# post a picture of your backhoe



## john m stauffer (Dec 13, 2008)

Post a picture of your backhoe at work or ready to work in the snow. Or post your line up of snow equipment. 

LET IT SNOW!!!


----------



## nedly05 (Dec 23, 2007)

2007 410-G, not on a snow job though, I'll have to hunt around and see what winter shots I have of it.


----------



## Snowplow71 (Feb 12, 2008)

2005 Deere 310SG All clean sitting in the shop









1996 Chevy 3500 , Brandon Dump LED's, Smith S.S. Series IV, Long Chute Option


----------



## Duncan90si (Feb 16, 2007)

Here are a few.




























Oops. Wrong type of backhoe.


----------



## mike33087 (Feb 9, 2005)

hahaha lol


----------



## EaTmYtAiLpIpEs (Aug 23, 2007)

not the newest backhoe on this site. but it does the job and is very reliable so far. I am going to look at a trailer for it this week.


----------



## shaunnshelly (Sep 26, 2005)

Some Pic's from last summer


----------



## Bruce'sEx (Sep 16, 2006)

How do you find the Terex


----------



## 4x4Farmer (Sep 22, 2006)




----------



## 06HD BOSS (Nov 28, 2005)

This is my uncles 1988 310C


----------



## BSDeality (Dec 5, 2005)

Bruce'sEx;675844 said:


> How do you find the Terex


They usually find it right where they left it :waving:

not quite winter plowing setup... but here's my L48


----------



## PTSolutions (Dec 8, 2007)

do you use the l48 for plowing? we have been considering getting a TLB either the kubota l48 or l35 and the John Deere 110(alot of $$$$) but the full cab enclosure is nice. Though im doubting their snow removal abilities. what size pusher can you get away with on one?


----------



## BSDeality (Dec 5, 2005)

Ive actually never pushed snow with it other than pushing back a few piles at the shop 'cause the plow guy blocks our doors. I've been told that the biggest box to run would be 8' on the L48. There is another member on here from CT that has a plow blade on his L48 and he says it pushes pretty well. I think he has his rear tires loaded too.

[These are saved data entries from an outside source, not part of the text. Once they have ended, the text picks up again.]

(* Let $C=\{(c_1,\dots,c_e)\in\mathbb{R}^e: c_1\ge-(c_2+\dots+c_e),\ c_i\ge0\ \text{for } 2\le i\le e\}$ and let $f\in\mathbb{K}[[\underline{x}]][y]$ be monic of degree $n\ge1$. Then $f$ is irreducible in $\mathbb{K}_C[[\underline{x}]][y]$ if and only if $F(X_1,\dots,X_e,y)=f(X_1,X_2X_1,\dots,X_eX_1,y)$ is irreducible in $\mathbb{K}[[\underline{X}]][y]$.
   Context: $\mathbb{K}$ is an algebraically closed field of characteristic $0$, $\underline{x}=(x_1,\dots,x_e)$, $\underline{X}=(X_1,\dots,X_e)$. $C$ is a line free cone, and $\mathbb{K}_C[[\underline{x}]]$ denotes the ring of formal series $\sum_{p\in C\cap\mathbb{Z}^e}a_p\underline{x}^p$; it contains $\mathbb{K}[[\underline{x}]]$. Irreducibility of a monic polynomial of degree $n$ in $A[y]$ means it is not a product of two monic polynomials of $A[y]$ of $y$-degrees strictly between $0$ and $n$. *)

From HB Require Import structures.
From mathcomp Require Import all_boot all_order all_algebra.
From mathcomp Require Import boolp classical_sets cardinality fsbigop.
Set Implicit Arguments. Unset Strict Implicit. Unset Printing Implicit Defensive.
Import Order.TTheory GRing.Theory Num.Theory.
Local Open Scope ring_scope.
Local Open Scope classical_set_scope.

(* Exponent vectors in Z^e are row vectors 'rV[int]_e; the paper's x_1
   corresponds to the index i : 'I_e with val i = 0. *)
Notation exps e := 'rV[int]_e.

Definition series (K : comNzRingType) (e : nat) := exps e -> K.

Definition szero (K : comNzRingType) e : series K e := fun _ => 0.
Definition sone (K : comNzRingType) e : series K e :=
  fun p => if p == 0 then 1 else 0.

(* Cauchy product of series: (ab)_p = sum_{q} a_q b_{p-q}, a finitely
   supported sum (finite whenever a, b are supported in a line free cone). *)
Definition smul (K : comNzRingType) e (a b : series K e) : series K e :=
  fun p => \sum_(q \in [set: exps e]) a q * b (p - q).

(* Support of a series contained in a set S of exponents: the series lies in
   K_S[[x]] := { sum_{p in S} a_p x^p }. *)
Definition supp_in (K : comNzRingType) e (S : set (exps e)) (a : series K e) :=
  forall p, a p != 0 -> S p.

Definition ypoly (K : comNzRingType) e := nat -> series K e.

Definition coeffs_in (K : comNzRingType) e (S : set (exps e)) (P : ypoly K e) :=
  forall k, supp_in S (P k).

Definition monic_deg (K : comNzRingType) e (P : ypoly K e) (d : nat) :=
  P d = @sone K e /\ forall k, (d < k)%N -> P k = @szero K e.

Definition ymul (K : comNzRingType) e (P Q : ypoly K e) : ypoly K e :=
  fun k p => \sum_(i < k.+1) smul (P i) (Q (k - i)%N) p.

(* The positive orthant N^e: support set of K[[x]]. *)
Definition orthant (e : nat) : set (exps e) :=
  [set p | forall i : 'I_e, 0 <= p 0 i].

Definition coneC (e : nat) : set (exps e) :=
  [set p | (forall i : 'I_e, val i != 0%N -> 0 <= p 0 i) /\
           (forall i : 'I_e, val i = 0%N ->
              - (\sum_(j : 'I_e | val j != 0%N) p 0 j) <= p 0 i)].

Definition irreducible_over (K : comNzRingType) e (S : set (exps e))
    (f : ypoly K e) (n : nat) :=
  ~ exists (g h : ypoly K e) (d : nat),
      [/\ (0 < d < n)%N, coeffs_in S g /\ coeffs_in S h,
          monic_deg g d, monic_deg h (n - d)%N & ymul g h = f].

(* Substitution x_1 = X_1, x_i = X_i X_1 (i >= 2): the monomial x^p becomes
   X_1^(p_1+...+p_e) X_2^p_2 ... X_e^p_e, so the coefficient of X^P in the
   result is the coefficient of x^(psi P) in f, where
   psi P = (P_1 - (P_2+...+P_e), P_2, ..., P_e). *)
Definition subst_exp e (P : exps e) : exps e :=
  \row_(i < e) (if val i == 0%N then P 0 i - \sum_(j : 'I_e | val j != 0%N) P 0 j
                else P 0 i).

Definition subst_first (K : comNzRingType) e (f : ypoly K e) : ypoly K e :=
  fun k P => f k (subst_exp P).

Arguments orthant e : clear implicits.
Arguments coneC e : clear implicits.

(** The substitution x_1 = X_1, x_i = X_i X_1 (i >= 2) acts on exponents
    through the group automorphism
    [psi P = (P_1 - (P_2 + ... + P_e), P_2, ..., P_e)] of Z^e, which maps
    N^e bijectively onto the lattice points of C.  Precomposing coefficient
    functions with psi is therefore a ring isomorphism K_C[[x]] ~ K[[X]]
    (the Cauchy product is reindexed along psi) that sends f to F and monic
    polynomials of y-degree d to monic polynomials of y-degree d, so monic
    factorizations of f over K_C[[x]] and of F over K[[X]] correspond. *)
From HB Require Import structures.
From mathcomp Require Import all_boot all_order all_algebra.
From mathcomp Require Import boolp classical_sets cardinality fsbigop.
From mathcomp Require Import ring.
Set Implicit Arguments.
Unset Strict Implicit.
Unset Printing Implicit Defensive.
Local Open Scope ring_scope.
Import GRing.Theory Num.Theory.

Section ExponentChange.
Variables (K : comNzRingType) (e : nat).
Variables (T Ti : exps e -> exps e).
Hypotheses (TK : cancel T Ti) (TiK : cancel Ti T).
Hypothesis TB : GRing.zmod_morphism T.

Definition ypoly_comp (P : ypoly K e) : ypoly K e := fun k p => P k (T p).

Definition monic_factorization (S : set (exps e)) (f : ypoly K e) n g h d :=
  [/\ (0 < d < n)%N, coeffs_in S g /\ coeffs_in S h,
      monic_deg g d, monic_deg h (n - d)%N & ymul g h = f].

Lemma zmod_morphism_can2 : GRing.zmod_morphism Ti.
Proof. by move=> p q; apply: (can_inj TK); rewrite TB !TiK. Qed.

Lemma eq0_comp p : (T p == 0) = (p == 0).
Proof.
have T0 : T 0 = 0 by have := TB 0 0; rewrite !subrr.
by rewrite -{1}T0 (inj_eq (can_inj TK)).
Qed.

Lemma smul_comp (a b : series K e) p :
  smul (a \o T) (b \o T) p = smul a b (T p).
Proof.
rewrite /smul (reindex_fsbigT T (fun q => a q * b (T p - q))); last first.
  by exists Ti.
by apply: eq_fsbigr => q _ /=; rewrite TB.
Qed.

Lemma ymul_comp g h :
  ymul (ypoly_comp g) (ypoly_comp h) = ypoly_comp (ymul g h).
Proof.
apply/funext => k; apply/funext => p.
by apply: eq_bigr => i _; exact: smul_comp.
Qed.

Lemma monic_deg_comp P d : monic_deg P d -> monic_deg (ypoly_comp P) d.
Proof.
move=> [Pd Pgt]; split => [|k /Pgt Pk]; apply/funext => p; rewrite /ypoly_comp.
  by rewrite Pd /sone eq0_comp.
by rewrite Pk.
Qed.

Lemma coeffs_in_comp (S S' : set (exps e)) P :
  (forall p, S (T p) -> S' p) -> coeffs_in S P -> coeffs_in S' (ypoly_comp P).
Proof. by move=> SS' SP k p /SP; apply: SS'. Qed.

Lemma monic_factorization_comp (S S' : set (exps e)) f n g h d :
  (forall p, S (T p) -> S' p) -> monic_factorization S f n g h d ->
  monic_factorization S' (ypoly_comp f) n (ypoly_comp g) (ypoly_comp h) d.
Proof.
move=> SS' [dn [Sg Sh] mg mh <-]; split; rewrite ?ymul_comp //.
- by split; apply: coeffs_in_comp SS' _.
- exact: monic_deg_comp.
- exact: monic_deg_comp.
Qed.

End ExponentChange.

Lemma irreducible_over_comp (K : comNzRingType) e (T Ti : exps e -> exps e)
    (S S' : set (exps e)) (f : ypoly K e) n :
  cancel T Ti -> cancel Ti T -> GRing.zmod_morphism T ->
  (forall p, S' p <-> S (T p)) ->
  irreducible_over S f n <-> irreducible_over S' (ypoly_comp T f) n.
Proof.
move=> TK TiK TB SS'; split=> irr [g [h [d fact]]]; apply: irr.
- exists (ypoly_comp Ti g), (ypoly_comp Ti h), d.
  have -> : f = ypoly_comp Ti (ypoly_comp T f).
    by apply/funext => k; apply/funext => p; rewrite /ypoly_comp TiK.
  apply: monic_factorization_comp fact => //; first exact: zmod_morphism_can2.
  by move=> p /SS'; rewrite TiK.
- exists (ypoly_comp T g), (ypoly_comp T h), d.
  by apply: monic_factorization_comp fact => // p /SS'.
Qed.

Section Substitution.
Variable e : nat.

Definition tail_sum (P : exps e) : int := \sum_(j : 'I_e | val j != 0%N) P 0 j.

Definition unsubst_exp (P : exps e) : exps e :=
  \row_(i < e) (if val i == 0%N then P 0 i + tail_sum P else P 0 i).

Lemma tail_sum_subst P : tail_sum (subst_exp P) = tail_sum P.
Proof. by apply: eq_bigr => j /negbTE j0; rewrite mxE j0. Qed.

Lemma tail_sum_unsubst P : tail_sum (unsubst_exp P) = tail_sum P.
Proof. by apply: eq_bigr => j /negbTE j0; rewrite mxE j0. Qed.

Lemma subst_expK : cancel (@subst_exp e) unsubst_exp.
Proof.
move=> P; apply/rowP => i; rewrite !mxE -/(tail_sum P) tail_sum_subst.
by case: (_ == _); rewrite ?subrK.
Qed.

Lemma unsubst_expK : cancel unsubst_exp (@subst_exp e).
Proof.
move=> P; apply/rowP => i; rewrite !mxE -/(tail_sum _) tail_sum_unsubst.
by case: (_ == _); rewrite ?addrK.
Qed.

Lemma subst_expB : GRing.zmod_morphism (@subst_exp e).
Proof.
move=> p q; apply/rowP => i; rewrite !mxE -!/(tail_sum _).
have -> : tail_sum (p - q) = tail_sum p - tail_sum q.
  by rewrite /tail_sum -sumrB; apply: eq_bigr => j _; rewrite !mxE.
by case: (_ == _) => //; ring.
Qed.

Lemma orthant_coneC_subst p : orthant e p <-> coneC e (subst_exp p).
Proof.
rewrite /coneC /orthant /= -/(tail_sum _) tail_sum_subst.
split=> [p_ge0 | [tail0 head0] i].
  split=> i i0; rewrite mxE.
    by rewrite (negbTE i0); apply: p_ge0.
  rewrite ifT; last exact/eqP.
  by rewrite -{1}(sub0r (tail_sum p)) lerD2r.
have [i0|i0] := eqVneq (val i) 0%N.
  have := head0 i i0; rewrite mxE i0 eqxx.
  by rewrite -{1}(sub0r (tail_sum p)) lerD2r.
by have := tail0 i i0; rewrite mxE (negbTE i0).
Qed.

End Substitution.

Theorem mainTheorem17 (K : closedFieldType) (hK : [pchar K] =i pred0)
    (e : nat) (he : (0 < e)%N) (n : nat) (hn : (0 < n)%N) (f : ypoly K e) :
  @coeffs_in K e (orthant e) f -> monic_deg f n ->
  (@irreducible_over K e (coneC e) f n <->
   @irreducible_over K e (orthant e) (subst_first f) n).
Proof.
move=> _ _.
exact: irreducible_over_comp (@subst_expK e) (@unsubst_expK e) (@subst_expB e)
  (@orthant_coneC_subst e).
Qed.
Lemma alternating_telescope (R : pzRingType) N (F G : nat -> R) :
  (forall v, (v < N)%N -> F v.+1 = G v) ->
  \sum_(v < N.+1) (-1) ^+ v * (F v + G v) = F 0%N + (-1) ^+ N * G N.
Proof.
move=> FG; rewrite big_ord_recr /= -(big_mkord xpredT (fun v => (-1) ^+ v * (F v + G v))).
rewrite (telescope_sumr_eq (fun v => - ((-1) ^+ v * F v))) // => [|v /andP[_ ltvN]].
  by rewrite expr0 mul1r opprK mulrDr addrA -!addrA addrCA addKr.
by rewrite -FG // exprS mulN1r mulNr !opprK mulrDr addrC.
Qed.

Lemma count_mem_map_rev (T : eqType) (s : seq T) (L : seq (seq T)) :
  count_mem s (map rev L) = count_mem (rev s) L.
Proof.
by rewrite count_map; apply: eq_count => z /=; apply/eqP/eqP => [<-|->]; rewrite revK.
Qed.

Lemma count_mem_map_cons (T : eqType) (b c : T) (r : seq T) (L : seq (seq T)) :
  count_mem (c :: r) (map (cons b) L) = ((b == c) * count_mem r L)%N.
Proof.
elim: L => [|z L IH] /=; first by rewrite muln0.
by rewrite IH eqseq_cons mulnDr; case: (b == c); rewrite ?mul1n ?mul0n.
Qed.

Lemma eq_take (T : eqType) (u v : seq T) k : (k <= size u)%N ->
  (take k u == v) = (k == size v) && (take (size v) u == v).
Proof.
move=> ku; case: (eqVneq k (size v)) => [->//|kv].
by apply: contra_neqF kv => /eqP <-; rewrite size_takel.
Qed.

Lemma eq_cat (T : eqType) (u p q : seq T) :
  (u == p ++ q) = (take (size p) u == p) && (drop (size p) u == q).
Proof.
apply/eqP/andP => [->|[/eqP up /eqP uq]]; first by rewrite take_size_cat // drop_size_cat.
by rewrite -(cat_take_drop (size p) u) up uq.
Qed.

Lemma eq_nseq_catF (T : eqType) (x : T) (u q : seq T) i :
  (size u < i)%N -> (u == nseq i x ++ q) = false.
Proof.
by move=> ui; apply: contraTF ui => /eqP ->; rewrite size_cat size_nseq -leqNgt leq_addr.
Qed.

Lemma rcons_nseq (T : Type) n (x : T) : rcons (nseq n x) x = nseq n.+1 x.
Proof. by elim: n => //= n ->. Qed.

Lemma rsh_nilr (x : word) : rsh x [::] = [:: x].
Proof. by case: x. Qed.

Lemma count_rsh_cons c r (x y : word) :
  count_mem (c :: r) (rsh x y) =
  ((if x is b :: x' then (b == c) * count_mem r (rsh x' y) else 0)
  + (if y is b :: y' then (b == c) * count_mem r (rsh x y') else 0))%N.
Proof.
case: x => [|b x]; case: y => [|b' y] //.
- by rewrite /= add0n !addn0 eqseq_cons; case: (b' == c); case: (y == r).
- by rewrite !rsh_nilr /= !addn0 eqseq_cons; case: (b == c); case: (x == r).
- by rewrite [rsh _ _]/= count_cat !count_mem_map_cons addnC.
Qed.

Lemma count_shuffle_rcons c w (x y : word) :
  count_mem (rcons w c) (shuffle x y) =
  ((if rev x is b :: x' then (b == c) * count_mem w (shuffle (rev x') y) else 0)
  + (if rev y is b :: y' then (b == c) * count_mem w (shuffle x (rev y')) else 0))%N.
Proof.
rewrite /shuffle !count_mem_map_rev rev_rcons count_rsh_cons.
by case: (rev x) => [|b x']; case: (rev y) => [|b' y']; rewrite ?count_mem_map_rev ?revK.
Qed.

Lemma big_words_rcons (R : nmodType) n (F : word -> R) :
  \sum_(x <- words n.+1) F x = \sum_(x <- words n) \sum_(b <- [:: false; true]) F (rcons x b).
Proof.
have words_cons m (G : word -> R) : \sum_(x <- words m.+1) G x =
    \sum_(b <- [:: false; true]) \sum_(w <- words m) G (b :: w).
  by rewrite [words _]/= !big_cat big_nil !big_map !big_cons big_nil.
elim: n F => [|n IH] F; first by rewrite words_cons !big_cons !big_nil !addr0.
by rewrite words_cons (words_cons n); apply: eq_bigr => b _; rewrite IH.
Qed.

Lemma sum_bool_eq (R : pzSemiRingType) (c : bool) (F : bool -> R) :
  \sum_(b <- [:: false; true]) (b == c)%:R * F b = F c.
Proof. by rewrite !big_cons big_nil; case: c; rewrite /= ?mul1r ?mul0r ?add0r ?addr0. Qed.

Lemma ser_ext (X Y : ser) : (forall u i j, X u i j = Y u i j) -> X = Y.
Proof. by move=> XY; do 3 apply: functional_extensionality => ?; apply: XY. Qed.

Definition ser0 : ser := fun _ _ _ => 0.

Definition sflip (X : ser) : ser := fun u i j => X u j i.

Definition smulS (d : rat) (X : ser) : ser := fun u => mulS d (X u).
Definition smulT (d : rat) (X : ser) : ser := fun u => mulT d (X u).

Definition rderiv (b : bool) (X : ser) : ser := fun u => X (rcons u b).

Lemma ssh_E A B u i j : ssh A B u i j =
  \sum_(k < (size u).+1) \sum_(x <- words k) \sum_(y <- words (size u - k))
     (count_mem u (shuffle x y))%:R * cauchy (A x) (B y) i j.
Proof.
apply: eq_bigr => k _; apply: eq_bigr => x _; apply: eq_bigr => y _.
rewrite /cauchy mulr_sumr; apply: eq_bigr => i1 _; rewrite mulr_sumr.
by apply: eq_bigr => j1 _; rewrite mulrC.
Qed.
(* Eliminating [r - w], [r'] and [w'] through [H = 0] and the ODEs, [y w H'] becomes the
   convex combination of [crossing_poly_pos] with [t = (y w)^2]. *)
Lemma crossing_deriv_pos (y w r dr dw : R) : 0 < y -> 1 / 3 <= w < 1 ->
  0 < 1 - y ^ 2 * w ^ 2 ->
  dr = - (2 * y * r * w * (r - w)) / (1 - y ^ 2 * w ^ 2) ->
  dw = (1 - 3 * w) / y + 2 * y * w ^ 2 * (r - w) / (1 - y ^ 2 * w ^ 2) ->
  2 * y ^ 2 * w ^ 2 * (r - w) - (1 - w + 2 * w ^ 2) * (1 - y ^ 2 * w ^ 2) = 0 ->
  0 < 2 * (2 * y * w ^ 2 + y ^ 2 * (2 * w * dw)) * (r - w) + 2 * y ^ 2 * w ^ 2 * (dr - dw)
      - (- dw + 4 * w * dw) * (1 - y ^ 2 * w ^ 2)
      + (1 - w + 2 * w ^ 2) * (2 * y * w ^ 2 + y ^ 2 * (2 * w * dw)).
Proof.
  intros Hy Hw HD Hdr Hdw Hzero.
  set (P := 1 - w + 2 * w ^ 2) in *.
  set (D := 1 - y ^ 2 * w ^ 2) in *.
  assert (Hk : 0 < 2 * y ^ 2 * w ^ 2).
  { assert (0 < y ^ 2) by (apply pow_lt; lra). assert (0 < w ^ 2) by (apply pow_lt; lra). nra. }
  assert (Hrw : r - w = P * D / (2 * y ^ 2 * w ^ 2)).
  { replace (P * D) with (2 * y ^ 2 * w ^ 2 * (r - w)) by lra. field. lra. }
  assert (Hdr' : dr = - r * P / (y * w)) by (rewrite Hdr, Hrw; field; lra).
  assert (Hdw' : dw = (1 - 3 * w + P) / y) by (rewrite Hdw, Hrw; field; lra).
  replace r with (w + P * D / (2 * y ^ 2 * w ^ 2)) in Hdr' by lra.
  rewrite Hdr', Hdw', Hrw.
  assert (Ht : 0 <= y ^ 2 * w ^ 2 <= 1) by (unfold D in HD; split; nra).
  pose proof (crossing_poly_pos _ w Ht Hw) as Hpos.
  apply Rmult_lt_reg_r with (y * w); [nra |].
  rewrite Rmult_0_l. eapply Rlt_le_trans; [exact Hpos |].
  right. unfold D, P. field. lra.
Qed.
Definition opnorm {R : realType} {p : nat} (A : 'M[R]_p) : R :=
  sup [set x : R | exists v : 'cV[R]_p, norm2 v = 1 /\ x = norm2 (A *m v)].

Definition loewner_le {R : realType} {p : nat} (A B : 'M[R]_p) : Prop :=
  forall v : 'cV[R]_p, qform A v <= qform B v.
Definition psd {R : realType} {p : nat} (A : 'M[R]_p) : Prop :=
  A^T = A /\ forall v : 'cV[R]_p, 0 <= qform A v.

(* Delta_{I,eps'} : weights w on I (values outside I are irrelevant). *)
Definition in_Delta {R : realType} {N : nat} (I : {set 'I_N}) (eps : R)
  (w : 'I_N -> R) : Prop :=
  \sum_(n in I) w n = 1 /\
  forall n, n \in I -> 0 <= w n /\ w n <= 1 / ((1 - eps) * #|I|%:R).

Definition Smat {R : realType} {N p : nat} (g : 'I_N -> 'cV[R]_p)
  (w : 'I_N -> R) (muhat : 'cV[R]_p) : 'M[R]_p :=
  \sum_(n < N) w n *: ((g n - muhat) *m (g n - muhat)^T).

Definition gamma {R : realType} {N p : nat} (g : 'I_N -> 'cV[R]_p)
  (w : 'I_N -> R) (muhat : 'cV[R]_p) : R := opnorm (Smat g w muhat).

Definition inlier_stable {R : realType} {N p : nat} (eps : R)
  (g : 'I_N -> 'cV[R]_p) (Iin : {set 'I_N}) (mu_g : 'cV[R]_p)
  (Sigma_g : 'M[R]_p) (delta_mu delta_Sigma : R) : Prop :=
  [/\ #|~: Iin|%:R <= eps * N%:R, psd Sigma_g, 0 <= delta_mu, 0 <= delta_Sigma &
   forall w : 'I_N -> R, in_Delta Iin (eps / (1 - eps)) w ->
     norm2 (\sum_(n in Iin) w n *: (g n - mu_g)) <= delta_mu /\
     loewner_le (\sum_(n in Iin) w n *: ((g n - mu_g) *m (g n - mu_g)^T))
                (Sigma_g + delta_Sigma%:M)].

Definition alpha {R : realType} (eps : R) : R := Num.sqrt (eps / (1 - 2 * eps)).

(* Project onto the unit direction [v] of the error [d = sum_n w_n g_n - mu_g], so that
   everything becomes one-dimensional with [y_n = <v, g_n>].  The outliers carry mass
   [W' = 1 - W <= eps / (1 - eps)], so [w] renormalised to the inliers is admissible in the
   stability condition and the inlier mean of [y] is within [delta_mu] of [<v, mu_g>].
   What remains of [<v, d>] is the between-group term [(W B - W' A) / W] (with [A], [B] the
   inlier and outlier parts of [sum_n w_n y_n]), and Cauchy-Schwarz within each group bounds
   [(W B - W' A)^2] by [W W' sum_n w_n (y_n - <v, muhat>)^2 <= W W' gamma(w; muhat)].
   Finally [W' / W <= eps / (1 - 2 eps)]. *)

From HB Require Import structures.
From mathcomp Require Import all_boot all_order all_algebra.
From mathcomp Require Import classical_sets reals.
From mathcomp Require Import ring lra.
Import Order.TTheory GRing.Theory Num.Theory.
Local Open Scope ring_scope.
Set Implicit Arguments. Unset Strict Implicit.

Lemma big_setC (V : nmodType) (I : finType) (J : {set I}) (F : I -> V) :
  \sum_i F i = \sum_(i in J) F i + \sum_(i in ~: J) F i.
Proof.
by rewrite (bigID (mem J)) /=; congr (_ + _); apply: eq_bigl => i; rewrite !inE.
Qed.

Section WeightedSums.
Variables (R : realFieldType) (I : finType) (w : I -> R).
Hypothesis w_ge0 : forall i, 0 <= w i.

Curtis makes a cab for the L48, but its soft-sided. Certainly not the end of the world, but something to consider. If I were going to look at another machine I would look hard at the M59. Its marginally bigger/heavier, but is much stronger and more capable. We have a lift cap of about 2400lbs on the 48 and most days its enough, but there are days when you wish you could pick up that extra 600-800lbs to lift a full pallet of fert or wall pieces. Some days the machine is just too big for certain jobs and other days when its just too small. We solved the 'too big' problem by adding a BX2350 which has surprised me almost everytime I get on it.

My cousin owns a L35 and i've got plenty of seat time in that before we bought the L48 nd it felt like a toy in comparison. It also didn't have the HST or the quick-attach bucket in front which was IMO a deal breaker. If I had enough work to justify it I would own a M59 and then a smaller 27-30hp machine for the finesse work.


----------



## murray83 (Dec 3, 2005)

06HD BOSS;675900 said:


> This is my uncles 1988 310C


That is one very well kept Deere,and shows much pride in his machine unlike some who throw older (better bult) machines away and buy whatevers new on the market my hat goes off to him good job.


----------



## joe_casece (Nov 23, 2008)




----------



## 02powerstroke (Nov 7, 2006)

How do you guys like the John deeres were looking at a 2000 310E with 3800 hours. Its in good shape with flip over forks do you think its worth $34,000


----------



## lamarbur (Jan 17, 2003)

Like DSDealty, I too use a Kubota L48 here in CT,, For years and years I ran a Deere 710 doing the schools in Sturbridge MA.. Now, jsut my driveway and occasionally the neighbor's.


----------



## lamarbur (Jan 17, 2003)

try the pics again


----------



## murray83 (Dec 3, 2005)

What type of pusher is on that Case?


----------



## jayman3 (Jan 18, 2006)

joe_casece;676507 said:


>


Nice hoe Joe I see you work at JR BRISSON,I live in Aylmer do you work at the Vars location or Industrial,is that your hoe.


----------



## joe_casece (Nov 23, 2008)

It belongs to the guy that i worked for the last 5 years " excavation robert morel"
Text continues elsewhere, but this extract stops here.